The NHANES example illustrates that, under saturation, the joint-variable and interaction-term parameterizations are equivalent on the multiplicative scale. The joint-variable model directly presents the set of contrasts most often recommended for reporting, while the interaction model provides the traditional interaction coefficient and requires transformation to recover the same joint effects. Either model supports simple effects within strata.

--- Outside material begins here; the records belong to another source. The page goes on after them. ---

Lemma rank1_finite_rank y h : bounded_functional h -> finite_rank_op (rank1 y h).
Proof.
  intros [Ha [Hs [M HM]]]. split; [split; [split|]|].
  - intros a b; unfold rank1; rewrite Ha, vscale_adds; auto.
  - intros a b; unfold rank1; rewrite Hs, vscale_assoc; auto.
  - exists (M * vnorm y)%R. intro x; unfold rank1. rewrite vnorm_scale.
    assert (H1 := HM x). assert (H2 := vnorm_ge0 HK y).
    apply Rle_trans with (M * vnorm x * vnorm y)%R.
    + apply Rmult_le_compat_r; auto.
    + lra.
  - exists (y :: nil). intro x. exists (h x :: nil). split; auto.
    simpl. unfold rank1. rewrite vadd_0r; auto.
Qed.

Lemma rank1_idem u h : bounded_functional h -> h u = 1 ->
  forall w, rank1 u h (rank1 u h w) = rank1 u h w.
Proof. intros [Ha [Hs _]] Hu w. unfold rank1. rewrite Hs, Hu. f_equal; ring. Qed.

Lemma rank1_0l h : rank1 (vzero X) h = op_zero X.
Proof. extensionality u; unfold rank1, op_zero. apply vscale_0r; auto. Qed.

Variable A : op X -> Prop.
Hypothesis HA : unital_standard_algebra A.

Lemma alg_linear T : A T -> is_linear T.
Proof. intro H. apply (proj1 ((proj1 HA) T H)). Qed.
Lemma alg_zero : A (op_zero X).
Proof. destruct HA as (?&?&?&?&?&?&?); auto. Qed.
Lemma alg_add S T : A S -> A T -> A (op_add S T).
Proof. destruct HA as (?&?&?&?&?&?&?); auto. Qed.
Lemma alg_scale a T : A T -> A (op_scale a T).
Proof. destruct HA as (?&?&?&?&?&?&?); auto. Qed.
Lemma alg_mul S T : A S -> A T -> A (op_mul S T).
Proof. destruct HA as (?&?&?&?&?&?&?); auto. Qed.
Lemma alg_id : A (op_id X).
Proof. destruct HA as (?&?&?&?&?&?&?); auto. Qed.
Lemma alg_rank1 y h : bounded_functional h -> A (rank1 y h).
Proof. intro H. destruct HA as (?&?&?&?&?&Hfin&?). apply Hfin, rank1_finite_rank; auto. Qed.

Lemma bounded_functional_comp h T :
  bounded_functional h -> A T -> bounded_functional (fun w => h (T w)).
Proof.
  intros [Ha [Hs [M HM]]] HT. destruct (proj1 HA T HT) as [HL [N HN]].
  split; [|split].
  - intros; rewrite (linear_add HL); auto.
  - intros; rewrite (linear_scale HL); auto.
  - exists (Rabs M * Rabs N)%R. intro x.
    apply Rle_trans with (M * vnorm (T x))%R; auto.
    assert (H1 := HN x). assert (0 <= vnorm (T x))%R by apply (vnorm_ge0 HK).
    assert (0 <= vnorm x)%R by apply (vnorm_ge0 HK).
    apply Rle_trans with (Rabs M * vnorm (T x))%R.
    + apply Rmult_le_compat_r; auto. apply Rle_abs.
    + rewrite Rmult_assoc. apply Rmult_le_compat_l. apply Rabs_pos.
      apply Rle_trans with (N * vnorm x)%R; auto.
      apply Rmult_le_compat_r; auto. apply Rle_abs.
Qed.

Lemma linear_on_add psi : linear_on A psi ->
  forall S T w, A S -> A T -> psi (op_add S T) w = vadd (psi S w) (psi T w).
Proof. intros [_ [Hh _]] S T w HS HT. rewrite Hh; auto. Qed.
Lemma linear_on_scale psi : linear_on A psi ->
  forall a T w, A T -> psi (op_scale a T) w = vscale a (psi T w).
Proof. intros [_ [_ Hh]] a T w HT. rewrite Hh; auto. Qed.
Lemma linear_on_image psi : linear_on A psi -> forall T, A T -> is_linear (psi T).
Proof. intros Hpsi T HT. apply alg_linear, Hpsi; auto. Qed.

Variable f : X -> K.
Hypothesis Hf : bounded_functional f.
Variable z : X.
Hypothesis Hz : f z = 1.

Let fA := bf_add Hf.
Let fS := bf_scale Hf.

Section Derivation.
Variable psi : op X -> op X.
Hypothesis Hpsi : linear_on A psi.
Hypothesis Hpsi_id : psi (op_id X) = op_zero X.
Hypothesis Hpsi_jordan : zero_jordan_preserving A psi.

Let psi_add := linear_on_add Hpsi.
Let psi_scale := linear_on_scale Hpsi.
Let psi_linear := linear_on_image Hpsi.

Reporting both joint and selected simple effects, together with additive interaction measures, provides a more complete summary.

Key messages

  • Under saturation, joint and interaction models encode the same multiplicative contrasts.
  • Present the full set of joint effects against a single reference profile.
  • Include selected simple effects and additive interaction measures for clarity.

References

Knol, Mirjam J, and Tyler J VanderWeele. 2012. “Recommendations for Presenting Analyses of Effect Modification and Interaction.” International Journal of Epidemiology 41 (2): 514–20.